Soccer has become a synonym for violence in many of the major soccer-playing countries, including proper old England, the mother of the sport. A few weeks ago 30 fans at a game between Manchester United and Derby County had to watch the game in their stocking feet because the police had confiscated their shoes. The shoes had steel toe caps, or hobnails, or both, and the police, all too familiar with trouble at and after soccer games, said they regarded the shoes as "offensive weapons."

The last evidence of continuing hooliganism brought the following comment from Robin Esser of London's Daily Express: "Contrast this situation with New York. There, in one of the world's most violent cities, a place where the murder rate regularly climbs to over 900 a year—compared to 50 a year in London—60,000 noisy and ebullient fans can cram themselves into the Shea Stadium to watch the Mets baseball team. And, win or lose, there will be no steel boots hacking shins, no bottles cracked over heads, no trains ripped apart.

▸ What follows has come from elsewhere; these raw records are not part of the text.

(* If $(G,\sigma)$ is a signed graph and $(F,\pi)$ is a signed forest with at least one edge, then $\chi_s((G,\sigma)\,\square\,(F,\pi))=\chi_s((G,\sigma)\,\square\,K_2^+)$. In particular, for all integers $n,m\ge 2$ and all signatures $\sigma_1$ of $P_n$ and $\sigma_2$ of $P_m$, $\chi_s((P_n,\sigma_1)\,\square\,(P_m,\sigma_2))=2$.
   Context: A signed graph $(G,\sigma)$ is a simple loopless undirected graph $G$ with a signature $\sigma:E(G)\to\{+1,-1\}$. Switching a vertex $v$ negates the sign of every edge incident to $v$; two signatures are equivalent if one is obtained from the other by switching a set of vertices. A homomorphism of $(G,\sigma)$ to $(H,\pi)$ is a graph homomorphism $\varphi:G\to H$ for which there is a signature $\sigma'$ equivalent to $\sigma$ with $\pi(\varphi(u)\varphi(v))=\sigma'(uv)$ for every edge $uv$ of $G$. $\chi_s(G,\sigma)$ is the smallest order of a signed graph to which $(G,\sigma)$ admits a homomorphism. The Cartesian product $(G,\sigma)\,\square\,(H,\pi)$ has vertex set $V(G)\times V(H)$, and $(u_1,v_1)(u_2,v_2)$ is an edge of sign $s$ iff either $u_1=u_2$ and $v_1v_2\in E(H)$ with $\pi(v_1v_2)=s$, or $v_1=v_2$ and $u_1u_2\in E(G)$ with $\sigma(u_1u_2)=s$. $K_2^+$ is a single positive edge; $P_n$ is the path on $n$ vertices. *)

From Stdlib Require Import ClassicalEpsilon.
From mathcomp Require Import all_boot.
Set Implicit Arguments. Unset Strict Implicit. Unset Printing Implicit Defensive.

(* A finite signed graph: simple loopless graph on a finite vertex type, with a
   signature given as a symmetric boolean function on pairs of vertices
   (sgn x y = true means the edge xy is NEGATIVE; only values on edges matter). *)
Record sgraph := SGraph {
  V :> finType;
  adj : rel V;
  sgn : rel V;
  adj_sym : symmetric adj;
  adj_irr : irreflexive adj;
  sgn_sym : symmetric sgn }.

Definition switched (G : sgraph) (X : {set G}) (u v : G) : bool :=
  sgn u v (+) (u \in X) (+) (v \in X).

Definition shom (G H : sgraph) : Prop :=
  exists (phi : G -> H) (X : {set G}),
    forall u v : G, adj u v ->
      adj (phi u) (phi v) /\ sgn (phi u) (phi v) = switched X u v.

Definition has_hom_of_order (G : sgraph) (n : nat) : bool :=
  if excluded_middle_informative (exists H : sgraph, #|H| = n /\ shom G H)
  then true else false.

Lemma shom_refl (G : sgraph) : shom G G.
Proof.
exists id, set0 => u v Huv; split => //.
by rewrite /switched !inE !addbF.
Qed.

Lemma has_hom_self (G : sgraph) : exists n, has_hom_of_order G n.
Proof.
exists #|G|; rewrite /has_hom_of_order.
case: excluded_middle_informative => // [[]].
by exists G; split => //; apply: shom_refl.
Qed.

Definition chi_s (G : sgraph) : nat := ex_minn (has_hom_self G).

Section Product.
Variables G H : sgraph.
Definition cp_adj : rel (G * H)%type := fun x y =>
  ((x.1 == y.1) && adj x.2 y.2) || ((x.2 == y.2) && adj x.1 y.1).
Definition cp_sgn : rel (G * H)%type := fun x y =>
  if x.1 == y.1 then sgn x.2 y.2 else sgn x.1 y.1.
Lemma cp_adj_sym : symmetric cp_adj.
Proof. by move=> x y; rewrite /cp_adj eq_sym (eq_sym x.2) adj_sym (adj_sym x.1). Qed.
Lemma cp_adj_irr : irreflexive cp_adj.
Proof. by move=> x; rewrite /cp_adj !adj_irr !andbF. Qed.
Lemma cp_sgn_sym : symmetric cp_sgn.
Proof. by move=> x y; rewrite /cp_sgn eq_sym sgn_sym (sgn_sym x.1). Qed.
Definition cprod : sgraph := SGraph cp_adj_sym cp_adj_irr cp_sgn_sym.
End Product.
Notation "G \square H" := (cprod G H) (at level 40, left associativity).

Definition K2_adj : rel bool := fun x y => x != y.
Definition K2_sgn : rel bool := fun _ _ => false.
Lemma K2_adj_sym : symmetric K2_adj. Proof. by move=> x y; rewrite /K2_adj eq_sym. Qed.
Lemma K2_adj_irr : irreflexive K2_adj. Proof. by move=> x; rewrite /K2_adj eqxx. Qed.
Lemma K2_sgn_sym : symmetric K2_sgn. Proof. by []. Qed.
Definition K2plus : sgraph := SGraph K2_adj_sym K2_adj_irr K2_sgn_sym.

Definition path_adj n : rel 'I_n := fun i j => (i.+1 == j :> nat) || (j.+1 == i :> nat).
Lemma path_adj_sym n : symmetric (@path_adj n).
Proof. by move=> i j; rewrite /path_adj orbC. Qed.
Lemma path_adj_irr n : irreflexive (@path_adj n).
Proof. by move=> i; rewrite /path_adj orbb gtn_eqF. Qed.
Definition Psg n (s : rel 'I_n) (hs : symmetric s) : sgraph :=
  SGraph (@path_adj_sym n) (@path_adj_irr n) hs.

(* Forests: no cycle (a sequence of >= 3 distinct vertices, consecutive ones
   adjacent, last adjacent to first). *)
Definition is_forest (F : sgraph) : Prop :=
  forall (x : F) (p : seq F), uniq (x :: p) -> 2 <= size p ->
    path (@adj F) x p -> ~~ adj (last x p) x.

Definition has_edge (F : sgraph) : Prop := exists x y : F, adj x y.

From Stdlib Require Import ClassicalEpsilon.
From mathcomp Require Import all_boot.
Set Implicit Arguments. Unset Strict Implicit. Unset Printing Implicit Defensive.

(* A signed graph maps to K_2^+ exactly when it is bipartite and balanced, i.e.
   has a proper 2-colouring and a switching that makes every edge positive.
   Forests (peel off a leaf) and signed paths are such, and homomorphisms lift
   factorwise to Cartesian products, so G [] F and G [] K_2^+ map to each other
   whenever F is a forest with an edge; as chi_s is monotone under
   homomorphisms they have the same chi_s.  Likewise P_n [] P_m maps to
   K_2^+ [] K_2^+, a positive 4-cycle, hence to K_2^+, while any edge forces
   chi_s >= 2. *)

Lemma adj_neq (G : sgraph) (u v : G) : adj u v -> u != v.
Proof. by apply: contraTneq => ->; rewrite adj_irr. Qed.

Lemma shom_trans (A B C : sgraph) : shom A B -> shom B C -> shom A C.
Proof.
move=> [phi [X homX]] [psi [Y homY]].
exists (psi \o phi), [set u | (u \in X) (+) (phi u \in Y)] => u v Auv /=.
have [Aphi sgn_phi] := homX u v Auv; have [Apsi sgn_psi] := homY _ _ Aphi.
split=> //; rewrite sgn_psi /switched sgn_phi /switched !inE.
by case: (sgn u v); case: (u \in X); case: (v \in X); case: (phi u \in Y); case: (phi v \in Y).
Qed.

Lemma has_hom_of_orderP (G : sgraph) (n : nat) :
  has_hom_of_order G n <-> exists H : sgraph, #|H| = n /\ shom G H.
Proof. by rewrite /has_hom_of_order; case: excluded_middle_informative. Qed.

Lemma chi_s_hom (G : sgraph) : exists H : sgraph, #|H| = chi_s G /\ shom G H.
Proof. by rewrite /chi_s; case: ex_minnP => n /has_hom_of_orderP. Qed.

Lemma chi_s_min (G H : sgraph) : shom G H -> chi_s G <= #|H|.
Proof.
move=> homGH; rewrite /chi_s; case: ex_minnP => n _; apply.
by apply/has_hom_of_orderP; exists H.
Qed.

Lemma chi_s_le (A B : sgraph) : shom A B -> chi_s A <= chi_s B.
Proof.
move=> homAB; have [H [<- homBH]] := chi_s_hom B.
exact/chi_s_min/(shom_trans homAB).
Qed.

Lemma chi_s_gt1 (G : sgraph) : has_edge G -> 1 < chi_s G.
Proof.
move=> [u [v Auv]]; have [H [<- [phi [X homX]]]] := chi_s_hom G.
have [Aphi _] := homX u v Auv.
rewrite ltnNge; apply/negP => /fintype_le1P/(_ (phi u) (phi v)) Ephi.
by move: Aphi; rewrite Ephi adj_irr.
Qed.

Lemma shom_cprod (A A' B B' : sgraph) :
  shom A A' -> shom B B' -> shom (A \square B) (A' \square B').
Proof.
move=> [phi [X homX]] [psi [Y homY]].
exists (fun u : A * B => (phi u.1, psi u.2)), [set u : A * B | (u.1 \in X) (+) (u.2 \in Y)].
move=> [a b] [a' b']; rewrite /= /cp_adj /switched /= !inE /cp_sgn /=.
case: (eqVneq a a') => [<- | ne_aa'] /=.
  rewrite adj_irr andbF orbF eqxx => Abb'; have [Apsi sgn_psi] := homY _ _ Abb'.
  rewrite Apsi sgn_psi /switched; split=> //.
  by case: (a \in X); case: (b \in Y); case: (b' \in Y); case: (sgn b b').
move=> /andP[/eqP <- Aaa']; have [Aphi sgn_phi] := homX _ _ Aaa'.
rewrite eqxx Aphi (negbTE (adj_neq Aphi)) sgn_phi /switched; split=> //.
by case: (a \in X); case: (a' \in X); case: (b \in Y); case: (sgn a a').
Qed.

Lemma shom_K2plus_of_edge (F : sgraph) : has_edge F -> shom K2plus F.
Proof.
move=> [x [y Axy]].
exists (fun b : K2plus => if b then y else x), [set b : K2plus | b && sgn x y].
move=> [] [] //= _; rewrite /switched !inE /= ?addbF ?addbT ?addbb; split=> //.
- by rewrite adj_sym.
- by rewrite sgn_sym.
Qed.

(* The data of a homomorphism to K_2^+ of the subgraph induced on S. *)
Definition bipartite_balanced_on (F : sgraph) (S : {set F}) (c x : F -> bool) :=
  {in S &, forall a b, adj a b -> c a != c b /\ sgn a b = x a (+) x b}.

Lemma shom_K2plus (F : sgraph) (c x : F -> bool) :
  bipartite_balanced_on [set: F] c x -> shom F K2plus.
Proof.
move=> cx; exists c, [set u | x u] => u v Auv.
have [ne_c sgn_x] := cx u v (in_setT u) (in_setT v) Auv.
by rewrite /switched !inE sgn_x -addbA addbb.
Qed.

Lemma shom_K2plus_square : shom (K2plus \square K2plus) K2plus.
Proof.
apply: (@shom_K2plus (K2plus \square K2plus) (fun u : bool * bool => u.1 (+) u.2) (fun => false)).
move=> [a b] [a' b'] _ _.
rewrite /= /cp_adj /K2_adj /cp_sgn /K2_sgn /=.
by case: a; case: b; case: a'; case: b'.
Qed.

Lemma forest_path_nbr_index0 (F : sgraph) (w z : F) (q : seq F) :
  is_forest F -> uniq (w :: q) -> path (@adj F) w q -> z \in q -> adj w z ->
  index z q = 0.
Proof.
move=> forestF Uwq Pwq zq Awz; apply/eqP; rewrite -leqn0 leqNgt; apply/negP => i_gt0.
have size_pre : size (take (index z q).+1 q) = (index z q).+1.
  by rewrite size_takel // index_mem.
apply: (negP (forestF w (take (index z q).+1 q) _ _ (take_path _ Pwq))).
- by case/andP: Uwq => wq Uq; rewrite /= take_uniq // andbT; apply: contra wq; apply: mem_take.
- by rewrite size_pre.
- by rewrite (last_nth w) size_pre /= nth_take // nth_index // adj_sym.
Qed.

Lemma forest_leaf (F : sgraph) (S : {set F}) : is_forest F -> S != set0 ->
  exists2 v, v \in S & #|[set z in S | adj v z]| <= 1.
Proof.
(* Otherwise every vertex of S has two neighbours in S, at most one of which
   lies on a given duplicate-free path starting there, so such paths grow forever. *)
move=> forestF /set0Pn[w0 Sw0]; apply/exists_inP.
apply: contraT => /exists_inPn no_leaf.
have long_path k : exists w q,
    [/\ size q = k, uniq (w :: q), path (@adj F) w q & all (mem S) (w :: q)].
  elim: k => [|k [w [q [size_q Uwq Pwq Swq]]]]; first by exists w0, [::]; rewrite /= Sw0.
  have Sw : w \in S by case/andP: Swq.
  have /card_gt1P[z1 [z2 [Nz1 Nz2 ne_z]]] : 1 < #|[set z in S | adj w z]|.
    by rewrite ltnNge no_leaf.
  move: Nz1 Nz2; rewrite !inE => /andP[Sz1 Awz1] /andP[Sz2 Awz2].
  have [z [Sz Awz fresh_z]] : exists z, [/\ z \in S, adj w z & z \notin w :: q].
    case: (boolP (z1 \in w :: q)) => [z1wq|]; last by exists z1.
    case: (boolP (z2 \in w :: q)) => [z2wq|]; last by exists z2.
    have in_q z : adj w z -> z \in w :: q -> z \in q.
      by move=> Awz; rewrite inE eq_sym (negbTE (adj_neq Awz)).
    have [z1q z2q] := (in_q _ Awz1 z1wq, in_q _ Awz2 z2wq).
    case/negP: ne_z; apply/eqP.
    by rewrite -(nth_index w z1q) -(nth_index w z2q) !(forest_path_nbr_index0 forestF Uwq Pwq).
  exists z, (w :: q); split=> /=.
  - by rewrite size_q.
  - by rewrite fresh_z.
  - by rewrite adj_sym Awz.
  - by rewrite Sz.
have [w [q [size_q Uwq _ Swq]]] := long_path #|S|.
have : size (w :: q) <= size (enum S).
  by apply: uniq_leq_size => // y /(allP Swq); rewrite mem_enum.
by rewrite -cardE /= size_q ltnn.
Qed.

Lemma bipartite_balanced_on_leaf (F : sgraph) (S : {set F}) (v : F) (c x : F -> bool) :
  v \in S -> #|[set z in S | adj v z]| <= 1 -> bipartite_balanced_on (S :\ v) c x ->
  exists c' x', bipartite_balanced_on S c' x'.
Proof.
move=> Sv leaf_v cx.
case: (pickP [pred z | (z \in S) && adj v z]) => [u /andP[Su Avu] | isolated_v].
  have only_u z : z \in S -> adj v z -> z = u.
    by move=> Sz Avz; apply: (card_le1_eqP leaf_v); rewrite inE ?Sz ?Su ?Avz ?Avu.
  have u_v : u != v by rewrite eq_sym; apply: adj_neq Avu.
  exists (fun z => if z == v then ~~ c u else c z),
         (fun z => if z == v then sgn v u (+) x u else x z) => a b Sa Sb Aab.
  case: (eqVneq a v) => [a_v | a_v]; case: (eqVneq b v) => [b_v | b_v].
  - by move: Aab; rewrite a_v b_v adj_irr.
  - subst a; rewrite (only_u _ Sb Aab).
    by case: (c u); rewrite -addbA addbb addbF.
  - subst b; rewrite adj_sym in Aab; rewrite (only_u _ Sa Aab) sgn_sym.
    by case: (c u); rewrite addbCA addbb addbF.
  - by apply: cx; rewrite // !inE ?a_v ?b_v.
exists c, x => a b Sa Sb Aab; apply: cx; rewrite // !inE ?Sa ?Sb andbT.
- by apply/eqP => a_v; move: (isolated_v b); rewrite /= Sb -a_v Aab.
- by apply/eqP => b_v; move: (isolated_v a); rewrite /= Sa -b_v adj_sym Aab.
Qed.

Lemma forest_bipartite_balanced (F : sgraph) (S : {set F}) :
  is_forest F -> exists c x, bipartite_balanced_on S c x.
Proof.
move=> forestF; elim: {S}_.+1 {-2}S (ltnSn #|S|) => // n IH S size_S.
have [-> | S0] := eqVneq S set0; first by exists xpred0, xpred0 => a b; rewrite inE.
have [v Sv leaf_v] := forest_leaf forestF S0.
have size_Sv : #|S :\ v| < n by move: size_S; rewrite (cardsD1 v) Sv.
have [c [x cx]] := IH (S :\ v) size_Sv.
exact: bipartite_balanced_on_leaf Sv leaf_v cx.
Qed.

Lemma forest_shom_K2plus (F : sgraph) : is_forest F -> shom F K2plus.
Proof. by move=> /(forest_bipartite_balanced [set: F])[c [x /shom_K2plus]]. Qed.

(* Sign of the edge {i, i+1} of P_n; junk value [false] when i+1 >= n. *)
Definition path_edge_sgn n (s : rel 'I_n) (i : nat) : bool :=
  if insub i is Some a then if insub i.+1 is Some b then s a b else false else false.

(* Parity of the negative edges of P_n before vertex i: switching there makes
   every edge positive. *)
Fixpoint path_switch n (s : rel 'I_n) (i : nat) : bool :=
  if i is i'.+1 then path_switch s i' (+) path_edge_sgn s i' else false.

Lemma path_bipartite_balanced n (s : rel 'I_n) (hs : symmetric s) :
  bipartite_balanced_on [set: Psg hs] (fun i : Psg hs => odd i) (path_switch s).
Proof.
have succ_edge (i j : 'I_n) : i.+1 = j :> nat ->
    odd i != odd j /\ s i j = path_switch s i (+) path_switch s j.
  move=> ij; rewrite -ij /= /path_edge_sgn ij !valK addKb.
  by split=> //; case: (odd i).
move=> i j _ _ /orP[/eqP ij | /eqP ji]; first exact: succ_edge.
have [odd_ji sgn_ji] := succ_edge _ _ ji.
by rewrite eq_sym odd_ji /= hs sgn_ji addbC.
Qed.

Lemma path_shom_K2plus n (s : rel 'I_n) (hs : symmetric s) : shom (Psg hs) K2plus.
Proof. exact: shom_K2plus (path_bipartite_balanced (hs := hs)). Qed.

Lemma has_edge_path n (s : rel 'I_n) (hs : symmetric s) : 1 < n -> has_edge (Psg hs).
Proof. by move=> n_gt1; exists (Ordinal (ltnW n_gt1)), (Ordinal n_gt1). Qed.

Lemma has_edge_cprod (A B : sgraph) : A -> has_edge B -> has_edge (A \square B).
Proof. by move=> a [x [y Axy]]; exists (a, x), (a, y); rewrite /= /cp_adj /= eqxx Axy. Qed.

Theorem corollary4p4 :
  (forall G F : sgraph, is_forest F -> has_edge F ->
     chi_s (G \square F) = chi_s (G \square K2plus)) /\
  (forall (n m : nat) (s1 : rel 'I_n) (h1 : symmetric s1)
          (s2 : rel 'I_m) (h2 : symmetric s2),
     2 <= n -> 2 <= m -> chi_s (Psg h1 \square Psg h2) = 2).
Proof.
split.
  move=> G F forestF edgeF; apply/eqP; rewrite eqn_leq !chi_s_le //.
    exact: shom_cprod (shom_refl G) (shom_K2plus_of_edge edgeF).
  exact: shom_cprod (shom_refl G) (forest_shom_K2plus forestF).
move=> n m s1 h1 s2 h2 n_gt1 m_gt1; apply/eqP; rewrite eqn_leq; apply/andP; split.
  rewrite -[2]card_bool; apply: (chi_s_min (H := K2plus)).
  apply: shom_trans shom_K2plus_square.
  exact: shom_cprod (path_shom_K2plus h1) (path_shom_K2plus h2).
apply/chi_s_gt1/has_edge_cprod; [exact: Ordinal (ltnW n_gt1) | exact: has_edge_path h2 m_gt1].
Qed.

"I'm sure it isn't just the game. Baseball can sometimes be every bit as violently physical as soccer. Supporters are as vocal, fanatical and one-sided as any follower of Rangers or Celtics.

"So why the difference? I believe the explanation is that baseball clubs in the U.S. treat their supporters as people, not as cattle. There is a seat for everyone in the stadium. There are hot dogs, sandwiches, peanuts, even beer—in cardboard cartons, just in case—ready to be served to any paying customer in his or her seat.

"Drum majorettes [sic!] make a pleasing display on the field, the scoreboards are illuminated and illuminating. The fans are encouraged to bring their families with them. All this seems to ensure that violence on the terraces and on the special trains and coaches which bring the crowds is rarely seen.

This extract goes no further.